Take the whole 'alchemical science' thing - who invented it? It is referred to as being 'old' and 'ancient' in the book, but how did the villains find out about it? And speaking as a scientist, I want to know how its supposed to work - there are machines and pipes and electricity and steam and furnaces and bellows, but no clear explanation (or even tantalising hints) about how the thing is supposed to actually work.

And what about the missing artist? OK, so I figured out what had actually happened to him quite a long time before it was revealed, but his back story isn't adequately painted in.

But most of this is nit-picking. For at least nine tenths of the book - that is, while you're immersed in the story - it is a highly enjoyable and gripping ride. Its just a shame that not everything is neatly sewn up at the end and that the ending itself is very abrupt.

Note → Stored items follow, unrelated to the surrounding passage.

(* For every $\epsilon>0$, the function $\lambda\mapsto G(e(\lambda))$ is bounded on $(\lambda^*+\epsilon,\infty)$.
   Context: Standing setup. Let $\gamma>0$; let $a_1,\dots,a_p>0$ with weights $\omega_i>0$, $\sum_i\omega_i=1$, and $b_1,\dots,b_n>0$ with weights $\pi_j>0$, $\sum_j\pi_j=1$; put $a^*=\max_i a_i$, $b^*=\max_j b_j$. Let $\mu$ be the limiting spectral distribution of $\mathbf{N}\mathbf{N}^T$ where $\mathbf{N}=\mathbf{A}^{1/2}\mathbf{G}\mathbf{B}^{1/2}$ is $k\times l$, $\mathbf{G}$ has iid mean-zero entries of variance $1/l$, $k/l\to\gamma$, and the spectral distributions of $\mathbf{A},\mathbf{B}$ converge to $\nu=\sum_i\omega_i\delta_{a_i}$ and $\underline{\nu}=\sum_j\pi_j\delta_{b_j}$. $\mu$ is a compactly supported probability measure on $[0,\infty)$; $\lambda^*>0$ is the right endpoint of its support, and $s(\lambda)=\int\frac{d\mu(t)}{t-\lambda}$ for $\lambda>\lambda^*$. Define $G(e)=\sum_{j=1}^n\frac{b_j\pi_j}{1+\gamma b_j e}$. It is known (master equations) that there is a continuous (indeed smooth) real function $e(\lambda)$ on $(\lambda^*,\infty)$, never equal to a pole $-1/(\gamma b_j)$ of $G$ and with $a_iG(e(\lambda))\ne\lambda$, satisfying $s(\lambda)=\sum_{i=1}^p\frac{\omega_i}{a_iG(e(\lambda))-\lambda}$ and $e(\lambda)=\sum_{i=1}^p\frac{a_i\omega_i}{a_iG(e(\lambda))-\lambda}$. *)

From Stdlib Require Import Reals.
Open Scope R_scope.

(* sumR n f = f 0 + ... + f (n-1)  (indices 0..n-1 stand for 1..n) *)
Fixpoint sumR (n : nat) (f : nat -> R) : R :=
  match n with
  | O => 0
  | S k => sumR k f + f k
  end.

Definition cont_on (f : R -> R) (a b : R) : Prop :=
  forall x, a <= x <= b -> forall eps, 0 < eps ->
    exists d, 0 < d /\ forall y, a <= y <= b -> Rabs (y - x) < d ->
      Rabs (f y - f x) < eps.

(* A (Radon) probability measure on the compact interval [a,b], encoded (Riesz
   representation) by its integration functional I : f |-> \int f dmu, which only
   depends on f restricted to [a,b] and is a positive, normalized linear
   functional on functions continuous on [a,b]. *)
Definition prob_measure_on (I : (R -> R) -> R) (a b : R) : Prop :=
  (forall f g, (forall x, a <= x <= b -> f x = g x) -> I f = I g) /\
  (forall f g, cont_on f a b -> cont_on g a b ->
      I (fun x => f x + g x) = I f + I g) /\
  (forall c f, cont_on f a b -> I (fun x => c * f x) = c * I f) /\
  (forall f, cont_on f a b -> (forall x, a <= x <= b -> 0 <= f x) -> 0 <= I f) /\
  I (fun _ => 1) = 1.

(* lam is in the support of the measure mu (given by I) supported in [a,lam]:
   every set (lam - d, lam] has positive mu-mass, tested by continuous bumps. *)
Definition right_endpoint_in_support (I : (R -> R) -> R) (a lam : R) : Prop :=
  forall d, 0 < d -> exists f, cont_on f a lam /\
    (forall x, a <= x <= lam -> 0 <= f x) /\
    (forall x, a <= x <= lam -> x <= lam - d -> f x = 0) /\
    0 < I f.

Definition stieltjes (I : (R -> R) -> R) (lam : R) : R :=
  I (fun t => 1 / (t - lam)).

Definition Gfun (gamma : R) (n : nat) (b pi : nat -> R) (e : R) : R :=
  sumR n (fun j => b j * pi j / (1 + gamma * b j * e)).

From Stdlib Require Import Reals Lra Psatz.
Open Scope R_scope.

(* Multiplying the second master equation by g = G(e(lam)) and using the first
   one together with sum_i w_i = 1 gives the identity
        g * e(lam) = 1 + lam * s(lam).
   Since mu is a probability measure on [0, lamstar], the Stieltjes transform
   satisfies -1/(lam - lamstar) <= s(lam) <= 0, so the right-hand side is
   bounded by C = 1 + lamstar/eps on (lamstar + eps, oo).  Finally, a purely
   algebraic fact about G: if |G(x) * x| <= C, then |G(x)| is bounded by a
   constant depending only on gamma, b, pi and C — for if |G(x)| were large,
   |x| would be small, all denominators 1 + gamma b_j x would be >= 1/2, and
   then G(x) <= 2 sum_j b_j pi_j. *)

Lemma sumR_nonneg (n : nat) (f : nat -> R) :
  (forall j, (j < n)%nat -> 0 <= f j) -> 0 <= sumR n f.
Proof.
  induction n as [|n IH]; simpl; intros Hf; [lra|].
  assert (0 <= sumR n f) by (apply IH; intros; apply Hf; lia).
  assert (0 <= f n) by (apply Hf; lia).
  lra.
Qed.

Lemma sumR_term_le (n : nat) (f : nat -> R) :
  (forall j, (j < n)%nat -> 0 <= f j) ->
  forall j, (j < n)%nat -> f j <= sumR n f.
Proof.
  induction n as [|n IH]; simpl; intros Hf j Hj; [lia|].
  assert (0 <= f n) by (apply Hf; lia).
  destruct (Nat.eq_dec j n) as [->|Hjn].
  - assert (0 <= sumR n f) by (apply sumR_nonneg; intros; apply Hf; lia). lra.
  - assert (f j <= sumR n f) by (apply IH; [intros; apply Hf|]; lia). lra.
Qed.

Lemma sumR_le_compat (n : nat) (f g : nat -> R) :
  (forall j, (j < n)%nat -> f j <= g j) -> sumR n f <= sumR n g.
Proof.
  induction n as [|n IH]; simpl; intros Hfg; [lra|].
  assert (sumR n f <= sumR n g) by (apply IH; intros; apply Hfg; lia).
  assert (f n <= g n) by (apply Hfg; lia).
  lra.
Qed.

Lemma sumR_scal (n : nat) (c : R) (f : nat -> R) :
  sumR n (fun j => c * f j) = c * sumR n f.
Proof. induction n as [|n IH]; simpl; [ring | rewrite IH; ring]. Qed.

Lemma master_product_identity (m : nat) (a w : nat -> R) (g lam : R) :
  (forall i, (i < m)%nat -> a i * g - lam <> 0) ->
  g * sumR m (fun i => a i * w i / (a i * g - lam)) =
  sumR m w + lam * sumR m (fun i => w i / (a i * g - lam)).
Proof.
  induction m as [|m IH]; simpl; intros Hpole; [ring|].
  rewrite Rmult_plus_distr_l, IH by (intros; apply Hpole; lia).
  assert (a m * g - lam <> 0) by (apply Hpole; lia).
  field; assumption.
Qed.

Lemma Gfun_bounds_of_denominators (gamma : R) (n : nat) (b pi : nat -> R) (x : R) :
  (forall j, (j < n)%nat -> 0 <= b j * pi j) ->
  (forall j, (j < n)%nat -> 1/2 <= 1 + gamma * b j * x) ->
  0 <= Gfun gamma n b pi x <= 2 * sumR n (fun j => b j * pi j).
Proof.
  intros Hbp Hden. unfold Gfun. split.
  - apply sumR_nonneg. intros j Hj.
    apply Rle_mult_inv_pos; [exact (Hbp j Hj) | specialize (Hden j Hj); lra].
  - rewrite <- sumR_scal. apply sumR_le_compat. intros j Hj.
    specialize (Hden j Hj). specialize (Hbp j Hj).
    set (d := 1 + gamma * b j * x) in *.
    assert (Hq : b j * pi j / d * d = b j * pi j) by (field; lra).
    assert (0 <= b j * pi j / d) by (apply Rle_mult_inv_pos; lra).
    nra.
Qed.

Lemma Gfun_bound_of_product_bound (gamma : R) (n : nat) (b pi : nat -> R) (x C : R) :
  0 < gamma ->
  (forall j, (j < n)%nat -> 0 < b j) ->
  (forall j, (j < n)%nat -> 0 <= pi j) ->
  Rabs (Gfun gamma n b pi x * x) <= C ->
  Rabs (Gfun gamma n b pi x) <=
    2 * sumR n (fun j => b j * pi j) + 2 * (gamma * (sumR n b + 1)) * C + 1.
Proof.
  intros Hgam Hb Hpi Hprod.
  set (g := Gfun gamma n b pi x) in *.
  set (Sbp := sumR n (fun j => b j * pi j)).
  set (Q := gamma * (sumR n b + 1)).
  assert (HSbp : 0 <= Sbp).
  { apply sumR_nonneg. intros j Hj. specialize (Hb j Hj). specialize (Hpi j Hj). nra. }
  assert (HQ : 0 < Q).
  { assert (0 <= sumR n b) by (apply sumR_nonneg; intros; left; auto).
    unfold Q; apply Rmult_lt_0_compat; lra. }
  assert (HC : 0 <= C) by (pose proof (Rabs_pos (g * x)); lra).
  assert (HQC : 0 <= Q * C) by (apply Rmult_le_pos; lra).
  rewrite Rabs_mult in Hprod.
  destruct (Rle_or_lt (Rabs g) (2 * Sbp + 2 * Q * C + 1)) as [Hok|Hbig]; [exact Hok|].
  exfalso.
  (* |g| is large, hence |x| is small ... *)
  assert (Hsmall : Q * Rabs x <= 1/2).
  { apply Rnot_lt_le. intros Hlarge.
    assert (Q * (Rabs g * Rabs x) <= Q * C) by (apply Rmult_le_compat_l; lra).
    assert (0 < Rabs g * (Q * Rabs x - 1/2)) by (apply Rmult_lt_0_compat; lra).
    assert (Rabs g * (Q * Rabs x - 1/2) = Q * (Rabs g * Rabs x) - Rabs g / 2) by field.
    lra. }
  (* ... so every denominator of G is at least 1/2 ... *)
  assert (Hden : forall j, (j < n)%nat -> 1/2 <= 1 + gamma * b j * x).
  { intros j Hj.
    assert (b j <= sumR n b) by (apply sumR_term_le; [intros; left|]; auto).
    assert (Hx : - Rabs x <= x) by (pose proof (Rabs_Ropp x); pose proof (Rle_abs (- x)); lra).
    assert (Hgb : 0 <= gamma * b j) by (pose proof (Hb j Hj); apply Rmult_le_pos; lra).
    assert (gamma * b j <= Q) by (unfold Q; apply Rmult_le_compat_l; lra).
    assert (gamma * b j * Rabs x <= Q * Rabs x)
      by (apply Rmult_le_compat_r; [apply Rabs_pos | assumption]).
    assert (gamma * b j * (- Rabs x) <= gamma * b j * x)
      by (apply Rmult_le_compat_l; assumption).
    lra. }
  (* ... and then g <= 2 Sbp, contradicting the size of |g|. *)
  assert (Hbp : forall j, (j < n)%nat -> 0 <= b j * pi j).
  { intros j Hj. specialize (Hb j Hj). specialize (Hpi j Hj). nra. }
  destruct (Gfun_bounds_of_denominators gamma n b pi x Hbp Hden) as [Hg0 Hg1].
  fold g Sbp in Hg0, Hg1. rewrite Rabs_right in Hbig by lra. nra.
Qed.

Lemma cont_on_const (c a b : R) : cont_on (fun _ => c) a b.
Proof.
  intros x _ eps Heps. exists 1. split; [lra|]. intros y _ _.
  unfold Rminus; rewrite Rplus_opp_r, Rabs_R0; lra.
Qed.

Lemma cont_on_add (f g : R -> R) (a b : R) :
  cont_on f a b -> cont_on g a b -> cont_on (fun t => f t + g t) a b.
Proof.
  intros Hf Hg x Hx eps Heps.
  destruct (Hf x Hx (eps / 2)) as [d1 [Hd1 H1]]; [lra|].
  destruct (Hg x Hx (eps / 2)) as [d2 [Hd2 H2]]; [lra|].
  exists (Rmin d1 d2). split; [now apply Rmin_pos|]. intros y Hy Hyx.
  specialize (H1 y Hy ltac:(pose proof (Rmin_l d1 d2); lra)).
  specialize (H2 y Hy ltac:(pose proof (Rmin_r d1 d2); lra)).
  replace (f y + g y - (f x + g x)) with ((f y - f x) + (g y - g x)) by ring.
  pose proof (Rabs_triang (f y - f x) (g y - g x)). lra.
Qed.

Lemma cont_on_scal (c : R) (f : R -> R) (a b : R) :
  cont_on f a b -> cont_on (fun t => c * f t) a b.
Proof.
  intros Hf x Hx eps Heps.
  assert (Hc : 0 < Rabs c + 1) by (pose proof (Rabs_pos c); lra).
  destruct (Hf x Hx (eps / (Rabs c + 1))) as [d [Hd H]];
    [apply Rdiv_lt_0_compat; lra|].
  exists d. split; [exact Hd|]. intros y Hy Hyx.
  specialize (H y Hy Hyx).
  replace (c * f y - c * f x) with (c * (f y - f x)) by ring. rewrite Rabs_mult.
  assert (Hm : Rabs (f y - f x) * (Rabs c + 1) < eps).
  { apply (Rmult_lt_compat_r (Rabs c + 1)) in H; [|lra].
    unfold Rdiv in H. rewrite Rmult_assoc, Rinv_l in H by lra. lra. }
  pose proof (Rabs_pos c). pose proof (Rabs_pos (f y - f x)). nra.
Qed.

Lemma cont_on_stieltjes_kernel (lam a b : R) :
  b < lam -> cont_on (fun t => 1 / (t - lam)) a b.
Proof.
  intros Hlam x Hx eps Heps.
  assert (Hcont : continuity_pt (fct_cte 1 / (id - fct_cte lam))%F x).
  { apply continuity_pt_div.
    - apply continuity_pt_const; intros ? ?; reflexivity.
    - apply continuity_pt_minus;
        [apply derivable_continuous_pt, derivable_pt_id
        | apply continuity_pt_const; intros ? ?; reflexivity].
    - unfold minus_fct, fct_cte, id. lra. }
  destruct (Hcont eps Heps) as [d [Hd Hclose]].
  exists d; split; [exact Hd|]. intros y _ Hyx.
  destruct (Req_dec y x) as [->|Hyx'].
  - unfold Rminus; rewrite Rplus_opp_r, Rabs_R0; lra.
  - apply Hclose. split; [split; [exact I | auto] | exact Hyx].
Qed.

Lemma integral_le (I : (R -> R) -> R) (a b : R) (f g : R -> R) :
  prob_measure_on I a b -> cont_on f a b -> cont_on g a b ->
  (forall x, a <= x <= b -> f x <= g x) -> I f <= I g.
Proof.
  intros [_ [Hadd [Hscal [Hpos _]]]] Hf Hg Hfg.
  assert (Hmf : cont_on (fun t => -1 * f t) a b) by (now apply cont_on_scal).
  assert (H : 0 <= I (fun t => g t + -1 * f t)).
  { apply Hpos; [now apply cont_on_add | intros x Hx; specialize (Hfg x Hx); lra]. }
  rewrite Hadd, Hscal in H by assumption. lra.
Qed.

Lemma integral_const (I : (R -> R) -> R) (a b c : R) :
  prob_measure_on I a b -> I (fun _ => c) = c.
Proof.
  intros [Hext [_ [Hscal [_ H1]]]].
  rewrite (Hext (fun _ => c) (fun _ => c * 1)) by (intros; ring).
  rewrite Hscal by apply cont_on_const. rewrite H1; ring.
Qed.

Lemma stieltjes_bounds (I : (R -> R) -> R) (lamstar lam : R) :
  prob_measure_on I 0 lamstar -> lamstar < lam ->
  - / (lam - lamstar) <= stieltjes I lam <= 0.
Proof.
  intros Hmu Hlam. unfold stieltjes.
  pose proof (cont_on_stieltjes_kernel lam 0 lamstar Hlam) as Hker.
  split.
  - rewrite <- (integral_const I 0 lamstar (- / (lam - lamstar))) by exact Hmu.
    apply (integral_le I 0 lamstar); [exact Hmu | apply cont_on_const | exact Hker |].
    intros x Hx.
    assert (/ (lam - x) <= / (lam - lamstar)) by (apply Rinv_le_contravar; lra).
    replace (1 / (x - lam)) with (- / (lam - x)) by (field; lra). lra.
  - rewrite <- (integral_const I 0 lamstar 0) by exact Hmu.
    apply (integral_le I 0 lamstar); [exact Hmu | exact Hker | apply cont_on_const |].
    intros x Hx.
    assert (0 < / (lam - x)) by (apply Rinv_0_lt_compat; lra).
    replace (1 / (x - lam)) with (- / (lam - x)) by (field; lra). lra.
Qed.

Lemma one_plus_lam_stieltjes_bound (I : (R -> R) -> R) (lamstar eps lam : R) :
  0 < lamstar -> 0 < eps -> prob_measure_on I 0 lamstar -> lamstar + eps < lam ->
  Rabs (1 + lam * stieltjes I lam) <= 1 + lamstar / eps.
Proof.
  intros Hls Heps Hmu Hlam.
  destruct (stieltjes_bounds I lamstar lam Hmu ltac:(lra)) as [Hlo Hhi].
  set (s := stieltjes I lam) in *.
  assert (Hratio : lamstar / (lam - lamstar) <= lamstar / eps).
  { unfold Rdiv. apply Rmult_le_compat_l; [lra|]. apply Rinv_le_contravar; lra. }
  assert (Hedge : 1 - lam / (lam - lamstar) = - (lamstar / (lam - lamstar)))
    by (field; lra).
  assert (Hlams : lam * (- / (lam - lamstar)) <= lam * s)
    by (apply Rmult_le_compat_l; lra).
  replace (lam * (- / (lam - lamstar))) with (- (lam / (lam - lamstar))) in Hlams
    by (field; lra).
  assert (lam * s <= 0) by (rewrite <- (Rmult_0_r lam); apply Rmult_le_compat_l; lra).
  assert (0 <= lamstar / eps) by (apply Rlt_le, Rdiv_lt_0_compat; lra).
  apply Rabs_le. split; lra.
Qed.

Theorem lemma3p2
  (gamma : R) (p n : nat) (a w b pi : nat -> R)
  (I : (R -> R) -> R) (lamstar : R) (e : R -> R) :
  0 < gamma ->
  (forall i, (i < p)%nat -> 0 < a i) ->
  (forall i, (i < p)%nat -> 0 < w i) ->
  sumR p w = 1 ->
  (forall j, (j < n)%nat -> 0 < b j) ->
  (forall j, (j < n)%nat -> 0 < pi j) ->
  sumR n pi = 1 ->
  (* mu: probability measure supported in [0, lamstar], lamstar = right endpoint *)
  0 < lamstar ->
  prob_measure_on I 0 lamstar ->
  right_endpoint_in_support I 0 lamstar ->
  (* master equations *)
  (forall lam, lamstar < lam -> continuity_pt e lam) ->
  (forall lam, lamstar < lam -> forall j, (j < n)%nat ->
      e lam <> - / (gamma * b j)) ->
  (forall lam, lamstar < lam -> forall i, (i < p)%nat ->
      a i * Gfun gamma n b pi (e lam) <> lam) ->
  (forall lam, lamstar < lam ->
      stieltjes I lam =
      sumR p (fun i => w i / (a i * Gfun gamma n b pi (e lam) - lam))) ->
  (forall lam, lamstar < lam ->
      e lam =
      sumR p (fun i => a i * w i / (a i * Gfun gamma n b pi (e lam) - lam))) ->
  forall eps, 0 < eps ->
    exists M, forall lam, lamstar + eps < lam ->
      Rabs (Gfun gamma n b pi (e lam)) <= M.
Proof.
  intros Hgam _ _ Hwsum Hb Hpi _ Hls Hmu _ _ _ Hpole Hs He eps Heps.
  set (C := 1 + lamstar / eps).
  exists (2 * sumR n (fun j => b j * pi j) + 2 * (gamma * (sumR n b + 1)) * C + 1).
  intros lam Hlam.
  apply Gfun_bound_of_product_bound;
    [exact Hgam | exact Hb | intros j Hj; left; auto |].
  assert (Hprod : Gfun gamma n b pi (e lam) * e lam = 1 + lam * stieltjes I lam).
  { pose proof (He lam ltac:(lra)) as He_lam. pose proof (Hs lam ltac:(lra)) as Hs_lam.
    set (g := Gfun gamma n b pi (e lam)) in *.
    rewrite Hs_lam, He_lam, <- Hwsum. apply master_product_identity.
    intros i Hi. pose proof (Hpole lam ltac:(lra) i Hi) as Hne. fold g in Hne. lra. }
  rewrite Hprod. now apply one_plus_lam_stieltjes_bound.
Qed.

I want to know what happens next - there's not another novel there, but there is at least a half chapter missing where we should see how the remaining characters try to fit back into their old lives.

The book is not a book which tackles issues, but a few philosophical points are flirted with along the way. Are we simply the sum total of our experiences? If some of those experiences were taken away from us (so that we not only couldn't remember them, but didn't know that there was anything to remember) would we still be the same people? What if we could experience things that other people had experienced, and could remember their memories - would we then be different people? Or is there something inherently me that is independent of experience and memory?

For example, in the story, the virgin Miss Temple experiences the senstations of somone else's sexual encounter, and is left with the same memories that the other person had. She knows what it felt like and can remember it. Is she still a virgin after the experience? Given that she experienced and could remember the depravity of the others, would that make her depraved? In the book, the author seemed to think not. Miss Temple's resolve was even more against the villains after she shared their experience than before.

The problem I am left with after reading this book is can I recommend it to anyone? Certainly, I enjoyed it. But if I recommended it to you, would your opinion of me be changed?

You probably would enjoy it though.

Sorry for the extreme length of this posing. It wasn't intended. Next on my reading list is 'Ysabel' by Guy Gavriel Kay, my favourite author and the only author I have read multiple books by where I haven't been disappointed by any of his books... yet.